_Work instructions:_ Return, word for word, only the lines of the data below that lie between the line with "t | is_transition t]." and the line with "Definition is_closed_walk (E", those two lines included.

Items from a data source:
^^^^^^^^^^^^^^^^
(* Let $F$ be a $4$-regular graph, let $D$ be a directed version of $F$, let $\mathbf o$ be a transitional orientation of $F$, let $\Gamma$ be a set of closed walks of $F$, and let $P$ be a circuit partition of $F$. Then $\mathrm{CM}(\mathrm{Tch}(P),\pi_P(\Gamma),\mathrm{Tch}_{\mathbf o}(P))$ is equal to $\mathrm{CM}(F,\Gamma,D)\cdot\Delta_{D,\mathbf o}|_{\tau(P)}$, after relabeling each row index $\pi_P(W)$ of the former matrix by $W$.
   Context: Graphs: $G=(V,H,E,\epsilon)$ with finite sets of vertices $V$ and half-edges $H$, a partition $E$ of $H$ into unordered pairs (edges), and $\epsilon:H\to V$; loops and multiple edges allowed. A directed version orders each edge as (tail, head). A single transition is an unordered pair of distinct half-edges incident with a common vertex; a directed single transition is such an ordered pair. A closed walk is a sequence $((h_1,h_2),\dots,(h_{n-1},h_n))$ of directed single transitions with $\{h_2,h_3\},\{h_4,h_5\},\dots,\{h_n,h_1\}$ edges, up to cyclic shift. For a directed version $D$ and closed walk $W$, $\sigma(D,W)\in\mathbb Z^{E}$ counts, at each edge $e$, traversals of $e$ along its direction minus traversals against it. A circuit is a nonempty closed walk using each half-edge at most once, with orientation forgotten. For a (multi)set $\Gamma$ of closed walks of $G$ and a directed version $D$, the cycle matrix $\mathrm{CM}(G,\Gamma,D)$ is the $\Gamma\times E(G)$ integer matrix whose row indexed by $W$ is $\sigma(D,W)$. $F$ is $4$-regular if every vertex is incident with exactly $4$ half-edges. A transition at $v$ is a partition of the four half-edges at $v$ into two single transitions; $\mathfrak T(F)$ is the set of transitions. A circuit partition $P$ is a set of circuits of $F$ such that every half-edge lies in exactly one single transition of exactly one circuit of $P$; $\tau(P)$ is the set of transitions both of whose single transitions occur in circuits of $P$. The touch-graph $\mathrm{Tch}(P)$ has vertex set $P$, half-edge set the set of single transitions occurring in circuits of $P$, edge set $\tau(P)$, and maps each single transition to the circuit containing it. A transitional orientation $\mathbf o$ assigns to each $t\in\mathfrak T(F)$ one of its two single transitions $\mathbf o(t)$; $\mathrm{Tch}_{\mathbf o}(P)$ is the directed version of $\mathrm{Tch}(P)$ in which each edge $t$ has head $\mathbf o(t)$ and tail the other single transition of $t$. For a closed walk $W$ of $F$, $\pi_P(W)$ is obtained by replacing each directed single transition $(h,h')$ of $W$ by $(s,s')$, where $s,s'$ are the single transitions of circuits of $P$ containing $h,h'$, and deleting pairs with $s=s'$; it is a closed walk of $\mathrm{Tch}(P)$ in which each remaining $(s,s')$ traverses edge $\{s,s'\}$ from half-edge $s$ to half-edge $s'$. $\pi_P(\Gamma)$ is the multiset $\{\pi_P(W):W\in\Gamma\}$. The edge-transition incidence matrix $\Delta_{D,\mathbf o}$ is the $E(F)\times\mathfrak T(F)$ matrix over $\mathbb Q$ whose $(e,t)$ entry is $1$ if $e\cap\mathbf o(t)=\{h\}$ with $h$ the tail of $e$ in $D$, $-1$ if $e\cap\mathbf o(t)=\{h\}$ with $h$ the head of $e$ in $D$, and $0$ otherwise; $A|_Y$ denotes the restriction to the columns in $Y$. *)

From mathcomp Require Import all_boot all_order all_algebra.
Set Implicit Arguments. Unset Strict Implicit. Unset Printing Implicit Defensive.
Import GRing.Theory Num.Theory.
Local Open Scope ring_scope.

(* A directed version is given by a head map  hd : {set H} -> H  with hd e \in e
   (the tail is the other half-edge of e). *)

Section Defs.
Variables (V H : finType) (eps : H -> V).

Definition is_graph (E : {set {set H}}) : Prop :=
  partition E [set: H] /\ (forall e, e \in E -> #|e| = 2%N).

Definition is_directed_version (E : {set {set H}}) (D : {set H} -> H) : Prop :=
  forall e, e \in E -> D e \in e.

Definition four_regular : Prop :=
  forall v : V, #|[set h | eps h == v]| = 4%N.

Definition single_at (v : V) (s : {set H}) : bool :=
  (#|s| == 2%N) && [forall h in s, eps h == v].

Definition is_transition (t : {set {set H}}) : bool :=
  [exists v : V, exists s1 : {set H}, exists s2 : {set H},
     [&& t == [set s1; s2], single_at v s1, single_at v s2,
         [disjoint s1 & s2] & s1 :|: s2 == [set h | eps h == v]]].

Definition transitions : {set {set {set H}}} := [set t | is_transition t].

(* A closed walk ((h1,h2),...,(h_{n-1},h_n)) is represented by the sequence of
   its directed single transitions (one representative of the cyclic class).
   Its edge traversals are (h2,h3), (h4,h5), ..., (hn,h1). *)
Definition walk_trav (W : seq (H * H)) : seq (H * H) :=
  zip (map snd W) (rot 1 (map fst W)).

Definition is_closed_walk (E : {set {set H}}) (W : seq (H * H)) : Prop :=
  (forall p, p \in W -> p.1 != p.2 /\ eps p.1 = eps p.2) /\
  (forall p, p \in walk_trav W -> [set p.1; p.2] \in E).

Definition half_edges_of (W : seq (H * H)) : seq H :=
  flatten [seq [:: p.1; p.2] | p <- W].

Definition is_circuit (E : {set {set H}}) (C : seq (H * H)) : Prop :=
  C != [::] /\ is_closed_walk E C /\ uniq (half_edges_of C).

(* A circuit partition, given as a list of circuits (one representative each):
   every half-edge lies in exactly one single transition of exactly one circuit. *)
Definition is_circuit_partition (E : {set {set H}}) (P : seq (seq (H * H))) : Prop :=
  (forall C, C \in P -> is_circuit E C) /\
  (forall h : H,
     (\sum_(C <- P) count (fun p : H * H => (p.1 == h) || (p.2 == h)) C)%N = 1%N).

Definition P_singles (P : seq (seq (H * H))) : {set {set H}} :=
  [set [set p.1; p.2] | p in flatten P].

Definition P_single_of (P : seq (seq (H * H))) (h : H) : {set H} :=
  odflt set0 [pick s in P_singles P | h \in s].

Definition tau (P : seq (seq (H * H))) : {set {set {set H}}} :=
  [set t in transitions | t \subset P_singles P].

Definition is_trans_orientation (o : {set {set H}} -> {set H}) : Prop :=
  forall t, is_transition t -> o t \in t.

(* pi_P(W), given by its sequence of edge traversals (s,s') in Tch(P) *)
Definition pi_P (P : seq (seq (H * H))) (W : seq (H * H)) : seq ({set H} * {set H}) :=
  [seq (P_single_of P p.1, P_single_of P p.2) |
     p <- W & P_single_of P p.1 != P_single_of P p.2].

Definition Delta (D : {set H} -> H) (o : {set {set H}} -> {set H})
    (e : {set H}) (t : {set {set H}}) : rat :=
  if #|e :&: o t| == 1%N then
    (if [pick h in e :&: o t] is Some h then
       (if h == D e then -1 else 1) else 0)
  else 0.

End Defs.

(* Generic sigma(D,W)(e) for a graph with half-edge type K, a directed version
   given by its head map hd, and a closed walk given by its edge traversals:
   traversals of e along its direction (tail -> head) minus those against it. *)
Definition sigma {K : finType} (hd : {set K} -> K) (trav : seq (K * K))
    (e : {set K}) : int :=
  \sum_(p <- trav | [set p.1; p.2] == e) (if p.2 == hd e then 1 else -1).

(* Cycle matrix CM(G, Gamma, D): entry in row i (the i-th walk of Gamma, given
   by its traversals; i < size Gamma) and column e. *)
Definition CM {K : finType} (Gamma : seq (seq (K * K))) (hd : {set K} -> K)
    (i : nat) (e : {set K}) : int :=
  sigma hd (nth [::] Gamma i) e.

From mathcomp Require Import all_boot all_order all_algebra.
Import GRing.Theory Num.Theory.
Local Open Scope ring_scope.
Set Implicit Arguments. Unset Strict Implicit.

(* Fix t in tau(P) and let O = o(t).  A directed single transition (a, b) of a
   walk contributes [b \in O] - [a \in O] to the t-entry of sigma on the
   touch-graph: transitions inside one circuit of P are erased by pi_P, and a
   step between the two single transitions of t crosses the edge t towards its
   head exactly when it enters O.  On the other side Delta(e, t) is
   [tail e \in O] - [head e \in O], so the row of CM(F, Gamma, D) times the
   column t of Delta sums [h \in O] - [h' \in O] over the edge traversals
   (h, h') of the walk; as the walk is closed, this is a rearrangement of the
   same sum over its transitions. *)

Lemma setI_set2 (T : finType) (a b : T) (A : {set T}) :
  [set a; b] :&: A
  = (if a \in A then [set a] else set0) :|: (if b \in A then [set b] else set0).
Proof.
apply/setP => x; rewrite in_setI in_set2 in_setU andb_orl.
have eq_in y : (x == y) && (x \in A) = (x == y) && (y \in A) by case: eqP => // ->.
by rewrite !eq_in; case: (a \in A); case: (b \in A); rewrite ?inE ?andbT ?andbF ?orbF.
Qed.

Section Incidence.
Variables (H : finType) (D : {set H} -> H) (o : {set {set H}} -> {set H}).

Lemma Delta_tail_head (a b : H) t : a != b -> D [set a; b] = b ->
  Delta D o [set a; b] t = (a \in o t)%:R - (b \in o t)%:R.
Proof.
move=> neq_ab Db; rewrite /Delta Db setI_set2.
case: (a \in o t); case: (b \in o t); rewrite ?set0U ?setU0.
- by rewrite cards2 neq_ab /= subrr.
- by rewrite cards1 pick_set1 (negbTE neq_ab) subr0.
- by rewrite cards1 pick_set1 !eqxx sub0r.
- by rewrite cards0 subrr.
Qed.

Lemma signed_Delta (a b : H) t : a != b -> D [set a; b] \in [set a; b] ->
  (if b == D [set a; b] then 1 else -1) * Delta D o [set a; b] t
  = (a \in o t)%:R - (b \in o t)%:R.
Proof.
move=> neq_ab; rewrite in_set2 => /orP[/eqP Da | /eqP Db].
- rewrite Da eq_sym (negbTE neq_ab) mulN1r setUC Delta_tail_head ?opprB //.
    by rewrite eq_sym.
  by rewrite setUC.
- by rewrite Db eqxx mul1r Delta_tail_head.
Qed.

End Incidence.

Lemma sum_sigma_mul (K : finType) (R : pzRingType) (E : {set {set K}})
    (hd : {set K} -> K) (trav : seq (K * K)) (f : {set K} -> R) :
  {in trav, forall p, [set p.1; p.2] \in E} ->
  \sum_(e in E) (sigma hd trav e)%:~R * f e
  = \sum_(p <- trav) (if p.2 == hd [set p.1; p.2] then 1 else -1) * f [set p.1; p.2].
Proof.
move=> travE; rewrite /sigma.
under eq_bigr => e _ do rewrite rmorph_sum mulr_suml.
rewrite (exchange_big_dep xpredT) //=; apply: eq_big_seq => p /travE pE.
rewrite (big_pred1 [set p.1; p.2]) => [|e]; last first.
  by rewrite /= eq_sym; case: eqP => [->|]; rewrite ?andbT ?andbF.
by case: ifP; rewrite ?rmorphN1 ?rmorph1.
Qed.

Lemma sum_walk_trav (H : finType) (R : zmodType) (F : H -> R) (W : seq (H * H)) :
  \sum_(p <- walk_trav W) (F p.1 - F p.2) = \sum_(p <- W) (F p.2 - F p.1).
Proof.
rewrite /walk_trav !sumrB -!(big_map fst xpredT) -!(big_map snd xpredT).
set trav := zip _ _; rewrite -/(unzip1 trav) -/(unzip2 trav) {}/trav.
rewrite unzip1_zip ?unzip2_zip ?size_rot ?size_map //.
by rewrite [X in _ - X](perm_big (map fst W)) // perm_rot.
Qed.

Lemma count_eq1_inj (T : eqType) (a : pred T) (s : seq T) :
  count a s = 1%N -> {in s &, forall x y, a x -> a y -> x = y}.
Proof.
rewrite -size_filter => s_a1 x y xs ys ax ay.
have : x \in filter a s by rewrite mem_filter ax.
have : y \in filter a s by rewrite mem_filter ay.
by case: (filter a s) s_a1 => [|z []] //= _; rewrite !inE => /eqP -> /eqP ->.
Qed.

Lemma transition_split (V H : finType) (eps : H -> V) (t : {set {set H}}) O :
  is_transition eps t -> O \in t ->
  exists v O', t = [set O; O'] /\ O :|: O' = [set h | eps h == v].
Proof.
case/existsP=> v /existsP[s1 /existsP[s2 /and5P[/eqP tE _ _ _ /eqP cover_v]]].
rewrite tE in_set2 => /orP[] /eqP ->; exists v.
- by exists s2.
- by exists s1; rewrite [s2 :|: s1]setUC [[set s2; s1]]setUC.
Qed.

Section CircuitPartition.
Variables (V H : finType) (eps : H -> V) (P : seq (seq (H * H))).
Hypothesis P_cover : forall h : H,
  (\sum_(C <- P) count (fun p : H * H => (p.1 == h) || (p.2 == h)) C)%N = 1%N.

Local Notation sgl := (P_single_of P).

Lemma P_singles_unique (h : H) (s s' : {set H}) :
  s \in P_singles P -> s' \in P_singles P -> h \in s -> h \in s' -> s = s'.
Proof.
case/imsetP => p pP ->; case/imsetP => q qP ->; rewrite !in_set2 => hp hq.
have count_h : count (fun p : H * H => (p.1 == h) || (p.2 == h)) (flatten P) = 1%N.
  by rewrite count_flatten sumnE big_map P_cover.
by rewrite (count_eq1_inj count_h pP qP) //= ![_ == h]eq_sym.
Qed.

Lemma P_single_ofE (h : H) (s : {set H}) :
  s \in P_singles P -> (h \in s) = (sgl h == s).
Proof.
have [p pP hp] : exists2 p, p \in flatten P & (p.1 == h) || (p.2 == h).
  by apply/hasP; rewrite has_count count_flatten sumnE big_map P_cover.
have p_single : [set p.1; p.2] \in P_singles P by apply: imset_f.
have : h \in sgl h /\ sgl h \in P_singles P.
  rewrite /P_single_of; case: pickP => [s' /andP[-> ->] //|/(_ [set p.1; p.2])].
  by rewrite p_single in_set2 ![h == _]eq_sym hp.
case=> h_sgl sgl_P sP; apply/idP/eqP => [hs|<-] //.
exact: P_singles_unique sgl_P sP h_sgl hs.
Qed.

Lemma pi_P_step_sign (v : V) (t : {set {set H}}) (O O' : {set H}) (a b : H) :
  O \in P_singles P -> O' \in P_singles P -> t = [set O; O'] ->
  O :|: O' = [set h | eps h == v] -> eps a = eps b ->
  (if (sgl a != sgl b) && ([set sgl a; sgl b] == t)
   then (if sgl b == O then 1 else -1) else 0 : int)
  = (b \in O)%:R - (a \in O)%:R.
Proof.
move=> OP O'P -> cover_v eps_ab; rewrite !(P_single_ofE _ OP).
have sgl_at_v h : eps h = v -> (sgl h == O) || (sgl h == O').
  by move=> /eqP; rewrite -!P_single_ofE // -in_setU cover_v inE.
have at_v h : sgl h = O -> eps h = v.
  move=> /eqP; rewrite -P_single_ofE // => hO.
  have : h \in O :|: O' by rewrite in_setU hO.
  by rewrite cover_v inE => /eqP.
(* If exactly one of a, b lies in O, both are at v, so the other lies in O'. *)
have [sbO | sbO] := eqVneq (sgl b) O; have [saO | saO] := eqVneq (sgl a) O.
- by rewrite saO sbO eqxx.
- have := sgl_at_v a (etrans eps_ab (at_v b sbO)); rewrite (negbTE saO) => /eqP saO'.
  by rewrite saO' sbO setUC eqxx andbT -saO' saO subr0.
- have := sgl_at_v b (etrans (esym eps_ab) (at_v a saO)); rewrite (negbTE sbO) => /eqP sbO'.
  by rewrite saO sbO' eqxx andbT -sbO' eq_sym sbO sub0r.
- case: ifP => // /andP[_ /eqP sab].
  by have := set21 O O'; rewrite -sab in_set2 eq_sym (negbTE saO) eq_sym (negbTE sbO).
Qed.

Lemma sigma_pi_P (o : {set {set H}} -> {set H}) (W : seq (H * H)) t :
  {in W, forall p, eps p.1 = eps p.2} -> t \in tau eps P -> o t \in t ->
  sigma o (pi_P P W) t = \sum_(p <- W) ((p.2 \in o t)%:R - (p.1 \in o t)%:R).
Proof.
move=> eps_W; rewrite inE => /andP[]; rewrite inE => t_tr t_sub ot_t.
have [v [O' [tE cover_v]]] := transition_split t_tr ot_t.
have ot_P : o t \in P_singles P by apply: (subsetP t_sub).
have O'_P : O' \in P_singles P by apply: (subsetP t_sub); rewrite tE set22.
rewrite /sigma /pi_P big_map big_filter_cond big_mkcond /=.
apply: eq_big_seq => p /eps_W eps_p.
exact: pi_P_step_sign ot_P O'_P tE cover_v eps_p.
Qed.

End CircuitPartition.

Theorem mainTheorem8 (V H : finType) (eps : H -> V) (E : {set {set H}})
  (D : {set H} -> H) (o : {set {set H}} -> {set H})
  (Gamma : seq (seq (H * H))) (P : seq (seq (H * H))) :
  is_graph E ->
  four_regular eps ->
  is_directed_version E D ->
  is_trans_orientation eps o ->
  (forall W, W \in Gamma -> is_closed_walk eps E W) ->
  is_circuit_partition eps E P ->
  forall (i : nat) (t : {set {set H}}), (i < size Gamma)%N -> t \in tau eps P ->
    ((CM [seq pi_P P W | W <- Gamma] o i t)%:~R : rat)
    = \sum_(e in E)
        (CM [seq walk_trav W | W <- Gamma] D i e)%:~R * Delta D o e t.
Proof.
move=> [_ edge_card2] _ D_head o_orient Gamma_walks [_ P_cover] i t i_lt t_tau.
rewrite /CM !(nth_map [::]) //.
have [W_steps W_edges] := Gamma_walks _ (mem_nth [::] i_lt).
set W := nth [::] Gamma i.
have ot_t : o t \in t by apply: o_orient; move: t_tau; rewrite !inE => /andP[].
have W_eps : {in W, forall p, eps p.1 = eps p.2} by move=> p /W_steps[].
rewrite (sigma_pi_P P_cover W_eps t_tau ot_t) sum_sigma_mul // rmorph_sum.
under eq_bigr => p _ do rewrite rmorphB !rmorph_nat.
rewrite -(sum_walk_trav (fun h => (h \in o t)%:R)); apply: eq_big_seq => p /W_edges e_p.
rewrite signed_Delta ?D_head //.
by apply/eqP => p12; move: (edge_card2 _ e_p); rewrite p12 setUid cards1.
Qed.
^^^^^^^^^^^^^^^^
_Response below:_
Definition transitions : {set {set {set H}}} := [set t | is_transition t].

(* A closed walk ((h1,h2),...,(h_{n-1},h_n)) is represented by the sequence of
   its directed single transitions (one representative of the cyclic class).
   Its edge traversals are (h2,h3), (h4,h5), ..., (hn,h1). *)
Definition walk_trav (W : seq (H * H)) : seq (H * H) :=
  zip (map snd W) (rot 1 (map fst W)).

Definition is_closed_walk (E : {set {set H}}) (W : seq (H * H)) : Prop :=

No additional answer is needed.